The conclusion and results of the investigations must be duly documented in writing. The fraud report regarding the results of the investigations and the corrective actions shall capture at least the fraud incident description, the fraud perpetrator details, the estimated fraud loss and recovery amounts, the controls implications, and the resolution. Management is responsible for resolving fraud incidents. The fraud report along with the recommendation is shared with the Legal and Compliance team for final decision.

Once investigations are completed and risk findings are identified, thereafter the Legal team shall initiate and take necessary action by approaching Law Enforcement Agencies, whenever appropriate

The Company has zero tolerance policy towards fraud. The Company shall take legal and penal actions in case any employee/ or anyone associated with the Company is found to be involved in any kind of fraud. The following actions shall be taken in response to an alleged or suspected incident of fraud:

All employees shall cooperate fully with an investigation into any alleged or suspected fraud.

CREATION OF DATABASE

Fraud Investigation Unit will prepare and maintain all the records pertaining to the fraud such as name of the personnel; fraudulent act undertaken by him/her; decision of the company etc.
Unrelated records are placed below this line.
(* [A n p]: the level-n word occurs at p; [Blk n u]: the n-th middle block occurs at u. *)
Lemma window_density (A Blk : nat -> nat -> Prop)
  (A_S : forall n p, A (S n) p -> A n p /\ Blk n (p + a n) /\ A n (p + a n + b n))
  (Blk_sparse : forall n u, m <= n -> Blk n u -> sparse_block n u) :
  forall n, m <= n -> forall p, A n p -> forall s e, p <= s -> s <= e -> e <= p + a n ->
  D * cnt_range P s e <= (e - s) + (D * a m + 6 * D * L).
Proof.
  intros n Hn.
  enough (H : forall p, A n p ->
            full_bound n p /\ suffix_bound n p /\ prefix_bound n p /\ window_bound n p)
    by (intros p Hp; apply H, Hp).
  induction Hn as [|n Hn IH]; intros p Hp; [apply bounds_base|].
  destruct (A_S n p Hp) as (A1 & B & A2).
  pose proof (Blk_sparse n _ Hn B) as HB.
  destruct (IH _ A1) as (F1 & S1 & P1 & G1), (IH _ A2) as (F2 & S2 & P2 & G2).
  repeat split.
  - apply full_bound_S; auto.
  - apply suffix_bound_S; auto.
  - apply prefix_bound_S; auto.
  - apply window_bound_S; auto.
Qed.

End DoublingDensity.

Definition occurs_at (x : point) (w : word) (p : nat) : Prop :=
  forall i, (i < length w)%nat -> x (p + i)%nat = nth i w 0%nat.

Section ForbiddenWord.
Local Open Scope nat_scope.

Lemma occurs_at_app x u v p :
  occurs_at x (u ++ v) p -> occurs_at x u p /\ occurs_at x v (p + length u).
Proof.
  intros H; split; intros i Hi.
  - rewrite H by (rewrite length_app; lia). rewrite app_nth1; auto.
  - replace (p + length u + i) with (p + (length u + i)) by lia.
    rewrite H by (rewrite length_app; lia). rewrite app_nth2 by lia.
    f_equal; lia.
Qed.

Lemma length_repeat_word w r : length (repeat_word w r) = r * length w.
Proof. induction r as [|r IHr]; simpl; auto. rewrite length_app, IHr; lia. Qed.

Lemma density_bound_rescale l L D c d : 0 < l -> 4 * D * L <= l ->
  l * c <= L * d + 3 * L * l -> 4 * D * c <= d + 12 * D * L.
Proof.
  intros H0 H1 H2. destruct l as [|l]; [lia|].
  apply (Nat.mul_le_mono_pos_l _ _ (S l)); [lia|].
  assert (4 * D * (S l * c) <= 4 * D * (L * d + 3 * L * S l)) by (apply Nat.mul_le_mono_l; auto).
  assert (4 * D * L * d <= S l * d) by (apply Nat.mul_le_mono_r; auto).
  nia.
Qed.

Variable Pi : point -> Prop.
Hypothesis Pi_shift : forall j p, Pi p -> Pi (shift_iter j p).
If required, this data base may be circulated among the industry to establish a well-informed and safe environment.

OWNERSHIP AND REVIEW

This policy is owned by Compliance team of the Company, and it shall be reviewed at least annually or whenever required by Board of Directors of the Company

COMMUNICATION PLAN

Company will maintain an effective communication plan to keep employees, stakeholders, and regulatory authorities informed about fraud prevention measures, incidents, and outcomes of investigations.